The blocksdesign
package provides functionality for the construction
of nested or crossed block designs for general linear model treatment designs.
Block designs group experimental units into homogeneous blocks to provide maximum precision of estimation of treatment effects within blocks. The most basic type of block design is a complete randomized blocks design where each block contains one or more complete replicate sets of treatments. Complete randomized block designs estimate all treatment effects fully within individual blocks and are usually the best choice for small experiments. However, for large experiments, the variability within complete blocks can be large and then it may be beneficial to sub-divide each complete block into smaller more homogeneous incomplete blocks.
Block designs with a single level of nesting are widely used in practical research but sometimes for very large experiments a single set of nested blocks may still be too large to give good control of intra-block variability. In this situation, a second set of incomplete blocks can be nested within the first set to reduce the intra-block variability still further. This process of recursive nesting can be repeated as often as required until the bottom set of blocks is sufficiently small to give adequate control of intra-block variability.
Sometimes it can be advantageous to use a double blocking system in which one set of blocks, usually called row blocks, is crossed with a second set of blocks, usually called column blocks. Double blocking systems can be valuable for controlling block effects in two dimensions simultaneously.
The blocksdesign
package provides functionality for the construction of general
multi-level block designs with nested or crossed blocks
for any feasible depth of nesting. The design algorithm proceeds recursively with each nested set of
blocks optimized conditionally within the levels of each preceding
set of blocks. The analysis of incomplete block designs is complex but the availability
of modern computers and modern software, for example the R mixed model
software package lme4
(Bates et. al. 2014), makes the analysis of any feasible
nested block designs with any depth of nesting practicable.
The blocksdesign
package has two design functions:
i) blocks
: This is a simple recursive function for nested block designs for unstructured treatment sets.
The function generates designs for treatments with arbitrary levels of replication and with arbitrary depth of nesting
where each successive set of blocks is optimized within the levels of each preceding set of blocks using conditional D-optimality.
Special block designs such as lattice designs or latin or Trojan square designs are constructed algebraically.
The outputs from the blocks
function include a data frame showing the allocation of treatments to blocks for each plot of the design and a
table showing the achieved D- and A-efficiency factors for each set of nested blocks together with A-efficiency upper bounds, where available.
A plan showing the allocation of treatments to blocks in the bottom level of the design is also included in the output.
i) design
: This is a general purpose function for unstructured or general qualitative or quantitative
factorial treatment sets.

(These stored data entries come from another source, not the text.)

Lemma below_near_zero (g : R -> R) (l a0 : R) :
  continuous g 0 -> g 0 < l -> 0 < a0 ->
  exists al0, 0 < al0 < a0 /\ forall x, 0 <= x <= al0 -> g x < l.
Proof.
  intros Hg Hl Ha0. assert (Heps : 0 < l - g 0) by lra.
  destruct (proj1 (continuity_pt_locally g 0) (proj2 (continuity_pt_filterlim g 0) Hg)
              (mkposreal _ Heps)) as [d Hd].
  assert (Hd0 := cond_pos d).
  exists (Rmin (d / 2) (a0 / 2)). split.
  - split; [apply Rmin_glb_lt; lra|]. apply (Rle_lt_trans _ (a0 / 2)); [apply Rmin_r | lra].
  - intros x Hx. assert (Rmin (d / 2) (a0 / 2) <= d / 2) by apply Rmin_l.
    assert (Hball : Rabs (x - 0) < d) by (apply Rabs_def1; lra).
    specialize (Hd x Hball). simpl in Hd. apply Rabs_def2 in Hd. lra.
Qed.

Lemma eventually_negative (g : R -> R) (L : Rbar) (b0 : R) :
  is_lim g p_infty L -> Rbar_lt L 0 ->
  exists be0, b0 < be0 /\ forall x, be0 <= x -> g x < 0.
Proof.
  intros Hlim HL.
  assert (Hneg : Rbar_locally L (fun y => y < 0)).
  { destruct L as [l| |]; simpl in HL |- *; [|contradiction|exists 0; intros; lra].
    assert (Hl : 0 < - l) by lra. exists (mkposreal _ Hl). intros y Hy.
    change (Rabs (y - l) < - l) in Hy. apply Rabs_def2 in Hy. lra. }
  destruct (Hlim _ Hneg) as [N HN].
  exists (Rmax (N + 1) (b0 + 1)).
  split; [apply (Rlt_le_trans _ (b0 + 1)); [lra | apply Rmax_r]|].
  intros x Hx. apply HN. assert (N + 1 <= Rmax (N + 1) (b0 + 1)) by apply Rmax_l. lra.
Qed.

Definition triangle (al be a b : R) : Prop := al <= a /\ a <= b /\ b <= be.

(* The running maximum b |-> max of g on [al, max al b] is continuous when g is
   continuous on [al, oo); it is used to maximise separable functions on a triangle. *)
Lemma running_max_continuous (g : R -> R) (al : R) :
  (forall x, al <= x -> continuity_pt g x) ->
  exists G : R -> R, (forall b, continuity_pt G b) /\
    (forall b, exists a, al <= a <= Rmax al b /\ G b = g a) /\
    (forall a b, al <= a <= Rmax al b -> g a <= G b).
Proof.
  intros Hg.
  assert (Hex : forall b, exists t,
             al <= t <= Rmax al b /\ forall u, al <= u <= Rmax al b -> g u <= g t).
  { intros b. destruct (continuity_ab_maj g al (Rmax al b)) as [t [Hmax Ht]].
    - apply Rmax_l.
    - intros c Hc. apply Hg. lra.
    - exists t. auto. }
  destruct (choice _ Hex) as [tm Htm].
  exists (fun b => g (tm b)). split; [|split].
  2: { intros b. exists (tm b). split; [apply Htm | reflexivity]. }
  2: { intros a b Ha. apply Htm, Ha. }
  intros b0. apply continuity_pt_locally. intros eps.
  set (c0 := Rmax al b0).
  assert (Heps2 : 0 < eps / 2) by (destruct eps; simpl; lra).
  destruct (proj1 (continuity_pt_locally g c0) (Hg c0 (Rmax_l al b0)) (mkposreal _ Heps2))
    as [d Hd].
  assert (Hnear : forall u, Rabs (u - c0) < d -> Rabs (g u - g c0) < eps / 2)
    by (intros u Hu; apply (Hd u), Hu).
  assert (Hcmp : forall b b', Rabs (Rmax al b - c0) < d -> Rabs (Rmax al b' - c0) < d ->
                   g (tm b') < g (tm b) + eps).
  { intros b b' Hb Hb'. destruct (Htm b) as [Hrange Hmax]. destruct (Htm b') as [Hrange' _].
    destruct (Rle_dec (tm b') (Rmax al b)) as [Hin|Hout].
    - assert (g (tm b') <= g (tm b)) by (apply Hmax; lra). destruct eps; simpl in *; lra.
    - assert (Htm' : Rabs (tm b' - c0) < d).
      { apply Rabs_def2 in Hb. apply Rabs_def2 in Hb'. apply Rabs_def1; lra. }
      apply Hnear, Rabs_def2 in Htm'. apply Hnear, Rabs_def2 in Hb.
      assert (g (Rmax al b) <= g (tm b)) by (apply Hmax; split; [apply Rmax_l | lra]).
      lra. }
  exists d. intros b Hb. change (Rabs (b - b0) < d) in Hb.
  assert (Hclose : Rabs (Rmax al b - c0) < d).
  { unfold c0. apply Rabs_def2 in Hb. apply Rabs_def1; unfold Rmax; repeat destruct Rle_dec; lra. }
  assert (Hc0 : Rabs (Rmax al b0 - c0) < d)
    by (unfold c0; rewrite Rminus_diag, Rabs_R0; apply cond_pos).
  change (Rabs (g (tm b) - g (tm b0)) < eps). apply Rabs_def1.
  - apply (Rplus_lt_reg_r (g (tm b0))). ring_simplify. apply Hcmp; assumption.
  - pose proof (Hcmp b b0 Hclose Hc0). lra.
Qed.

Lemma max_on_triangle (P g : R -> R) (al be : R) :
  al <= be -> (forall x, al <= x -> continuity_pt g x) ->
  (forall x, al <= x <= be -> continuity_pt P x) ->
  exists a b, triangle al be a b /\
    forall a' b', triangle al be a' b' -> P b' + g a' <= P b + g a.
Proof.
  intros Hbe Hg HP.
  destruct (running_max_continuous g al Hg) as [G [HGcont [HGatt HGmax]]].
  destruct (continuity_ab_maj (fun b => P b + G b) al be Hbe) as [b [Hbmax Hb]].
  { intros c Hc. apply continuity_pt_plus; auto. }
  destruct (HGatt b) as [a [Ha HGa]]. rewrite Rmax_right in Ha by lra.
  exists a, b. split; [unfold triangle; lra|].
  intros a' b' [Ha' [Hab' Hb']].
  specialize (Hbmax b' (conj (Rle_trans _ _ _ Ha' Hab') Hb')). cbv beta in Hbmax.
  assert (g a' <= G b') by (apply HGmax; rewrite Rmax_right; lra).
  lra.
Qed.

(* Suppose Psi l p = Psi l' p - (l - l') D p with
   0 <= D <= Dm on T, so that l |-> max_T Psi l is nonincreasing and continuous. *)
Lemma zero_level_of_max {A : Type} (Psi : R -> A -> R) (D : A -> R) (T : A -> Prop)
    (Dm l1 L0 : R) (p1 : A) :
  (forall l l' p, Psi l p = Psi l' p - (l - l') * D p) ->
  (forall p, T p -> 0 <= D p <= Dm) ->
  T p1 -> 0 <= Psi l1 p1 ->
  (forall p, T p -> Psi L0 p < 0) ->
  (forall l, exists p, T p /\ forall q, T q -> Psi l q <= Psi l p) ->
  exists l p, l1 <= l /\ T p /\ Psi l p = 0 /\ forall q, T q -> Psi l q <= 0.
Proof.
  intros Hshift HD Tp1 Hl1 HL0 Hattained.
  set (S := fun l => exists p, T p /\ 0 <= Psi l p).
  assert (S_bound : forall l, S l -> l <= L0).
  { intros l [p [Tp Hp]]. apply Rnot_lt_le. intros Hlt.
    specialize (HL0 p Tp). rewrite (Hshift l L0) in Hp. destruct (HD p Tp). nra. }
  destruct (completeness S) as [lstar [Hub Hlub]].
  { exists L0. intros l Hl. apply S_bound, Hl. }
  { exists l1, p1. auto. }
  destruct (Hattained lstar) as [p [Tp Hp]].
  set (G := Psi lstar p).
  (* If G > 0, the level lstar + G / (D p + 1) would still belong to S. *)
  assert (HG_le : G <= 0).
  { apply Rnot_lt_le. intros HGpos. destruct (HD p Tp) as [HD0 _].
    set (l' := lstar + G / (D p + 1)).
    assert (Sl' : S l').
    { exists p. split; [exact Tp|]. rewrite (Hshift l' lstar). fold G.
      replace (G - (l' - lstar) * D p) with (G / (D p + 1)) by (unfold l'; field; lra).
      apply Rlt_le, Rdiv_lt_0_compat; lra. }
    pose proof (Hub l' Sl').
    assert (0 < G / (D p + 1)) by (apply Rdiv_lt_0_compat; lra). unfold l' in *. lra. }
  (* If G < 0, a level of S slightly below lstar contradicts maximality at p. *)
  assert (HG_ge : 0 <= G).
  { apply Rnot_lt_le. intros HGneg. destruct (HD p1 Tp1) as [HDm0 HDm].
    set (delta := - G / (Dm + 1)).
    assert (Hdelta : delta * (Dm + 1) = - G) by (unfold delta; field; lra).
    assert (Hdelta_pos : 0 < delta) by (unfold delta; apply Rdiv_lt_0_compat; lra).
    assert (exists l, S l /\ lstar - delta < l) as [l [[q [Tq Hq]] Hl]].
    { apply NNPP. intros Hnone.
      assert (lstar <= lstar - delta); [|lra].
      apply Hlub. intros l Sl. apply Rnot_lt_le. intros Hlt. apply Hnone. eauto. }
    specialize (Hp q Tq). rewrite (Hshift lstar l) in Hp. fold G in Hp.
    destruct (HD q Tq) as [HDq0 HDq].
    destruct (Rle_dec lstar l) as [Hbelow|Habove]; [nra|].
    assert ((lstar - l) * D q <= delta * Dm) by (apply Rmult_le_compat; lra).
    lra. }
  exists lstar, p. repeat split; auto.
  - apply Hub. exists p1. auto.
  - fold G. lra.
  - intros q Tq. specialize (Hp q Tq). fold G in Hp. lra.
Qed.

Section BandFunctional.

(* The diffusion coefficients and the reward rate are continuous on (0, oo), where
   sigma is positive; the prices are c1 (selling) and c2 (buying). *)
Variables (mu sigma h : R -> R) (c1 c2 : R).
Hypothesis mu_cont : forall x, 0 < x -> continuous mu x.
Hypothesis sigma_cont : forall x, 0 < x -> continuous sigma x.
Hypothesis h_cont : forall x, 0 < x -> continuous h x.
Hypothesis sigma_pos : forall x, 0 < x -> 0 < sigma x.

Lemma sigma2_pos (x : R) : 0 < x -> 0 < sigma x ^ 2.
Proof. intros Hx. apply pow_lt, sigma_pos, Hx. Qed.

Lemma sigma2_cont (x : R) : 0 < x -> continuous (fun t => sigma t ^ 2) x.
Proof. intros Hx. apply continuous_Rsqr, sigma_cont, Hx. Qed.

Definition drift_ratio (x : R) : R := 2 * mu x / sigma x ^ 2.

Definition inv_scale (x : R) : R := exp (RInt drift_ratio 1 x).

Let m := speed_dens mu sigma.

Lemma inv_scale_pos (x : R) : 0 < inv_scale x.
Proof. apply exp_pos. Qed.

Lemma scale_dens_inv (x : R) : scale_dens mu sigma x = / inv_scale x.
Proof. unfold scale_dens, inv_scale, drift_ratio. apply exp_Ropp. Qed.

Lemma speed_dens_eq (x : R) : m x = inv_scale x / sigma x ^ 2.
Proof.
  unfold m, speed_dens. rewrite scale_dens_inv, Rinv_mult, Rinv_inv.
  unfold Rdiv. apply Rmult_comm.
Qed.

Lemma speed_dens_pos (x : R) : 0 < x -> 0 < m x.
Proof.
  intros Hx. rewrite speed_dens_eq.
  apply Rdiv_lt_0_compat; [apply inv_scale_pos | apply sigma2_pos, Hx].
Qed.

The function first finds a D-optimal or near D-optimal treatment design of the required size, possibly a simple
unstructured treatment set. The function then finds a D-optimal or near D-optimal block design for that treatment design based on a set of
defined block factors, if present. The blocks design
algorithm builds the blocks design by sequentially adding
blocks
factors where each block factor is optimized conditional on all previous block factors. Sequential optimization allows the
blocking factors to be fitted in order of importance with the largest and most important blocks fitted first and the smaller and less important
blocks fitted subsequently. If there are no defined bock factors, the algorithm assumes a completely randomised treatment design.

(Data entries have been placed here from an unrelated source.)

(* Assume that $f_a(0)=\lim_{u\downarrow0}f_a(u)$ is finite for every $a\in A$. Let $\theta\in\mathbb R^n$ and $p^*\in\mathcal M_1^+(A)$ with $I(p^* )-\sum_j\theta_j\langle p^*,H_j\rangle$ finite. The following are equivalent: (1) $p^*$ satisfies the variational principle with parameters $\theta$; (2) there exist $\alpha\in\mathbb R$ and a subset $A_0\subseteq A$ such that (i) $f_a(p^*_a)=-\alpha-\sum_{j=1}^n\theta_jH_j(a)$ for all $a\in A\setminus A_0$; (ii) $p^*_a=0$ for all $a\in A_0$; (iii) $f_a(0)+\sum_{j=1}^n\theta_jH_j(a)\ge-\alpha$ for all $a\in A_0$.
   Context: Let $A$ be a finite or countable set and $\mathcal M_1^+(A)$ the set of probability distributions $p=(p_a)_{a\in A}$ on $A$. For each $a\in A$ let $h_a:[0,1]\to\mathbb R$ be continuous and strictly concave with $h_a(0)=h_a(1)=0$, differentiable on $(0,1)$ with $h_a'(u)=-f_a(u)$, where $f_a$ extends to a continuous (necessarily strictly increasing) function on $(0,1]$; put $f_a(0)=\lim_{u\downarrow0}f_a(u)\in[-\infty,\infty)$. The generalised entropy is $I(p)=\sum_{a\in A}h_a(p_a)\in[0,+\infty]$. Let $H_1,\dots,H_n:A\to\mathbb R$ be functions bounded from below, and write $\langle p,X\rangle=\sum_{a}p_aX(a)$. A distribution $p^*\in\mathcal M_1^+(A)$ satisfies the variational principle with parameters $\theta=(\theta_1,\dots,\theta_n)\in\mathbb R^n$ if $+\infty> I(p^* )-\sum_{j=1}^n\theta_j\langle p^*,H_j\rangle\ \ge\ I(p)-\sum_{j=1}^n\theta_j\langle p,H_j\rangle$ for all $p\in\mathcal M_1^+(A)$. *)

From Stdlib Require Import Reals Lra List ClassicalEpsilon.
Open Scope R_scope.

Inductive ER := Fin (r : R) | PInf | MInf.

Definition ele (x y : ER) : Prop :=
  match x, y with
  | MInf, _ => True
  | _, PInf => True
  | Fin a, Fin b => a <= b
  | _, _ => False
  end.

Definition eadd (x y : ER) : option ER :=
  match x, y with
  | Fin a, Fin b => Some (Fin (a + b))
  | PInf, MInf | MInf, PInf => None
  | PInf, _ | _, PInf => Some PInf
  | MInf, _ | _, MInf => Some MInf
  end.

The outputs include a data frame of the block and treatment factors for each plot and a table showing the achieved D-efficiency
factors for each set of nested or crossed blocks. Fractional factorial efficiency factors based on
the generalized variance of the complete factorial design are also shown (see the design
documentation for more details)
BATES D., MAECHLER M., BOLKER B., WALKER S. (2015). Fitting Linear Mixed-Effects Models Using lme4. Journal of Statistical Software, 67(1), 1-48. doi:10.18637/jss.v067.i01.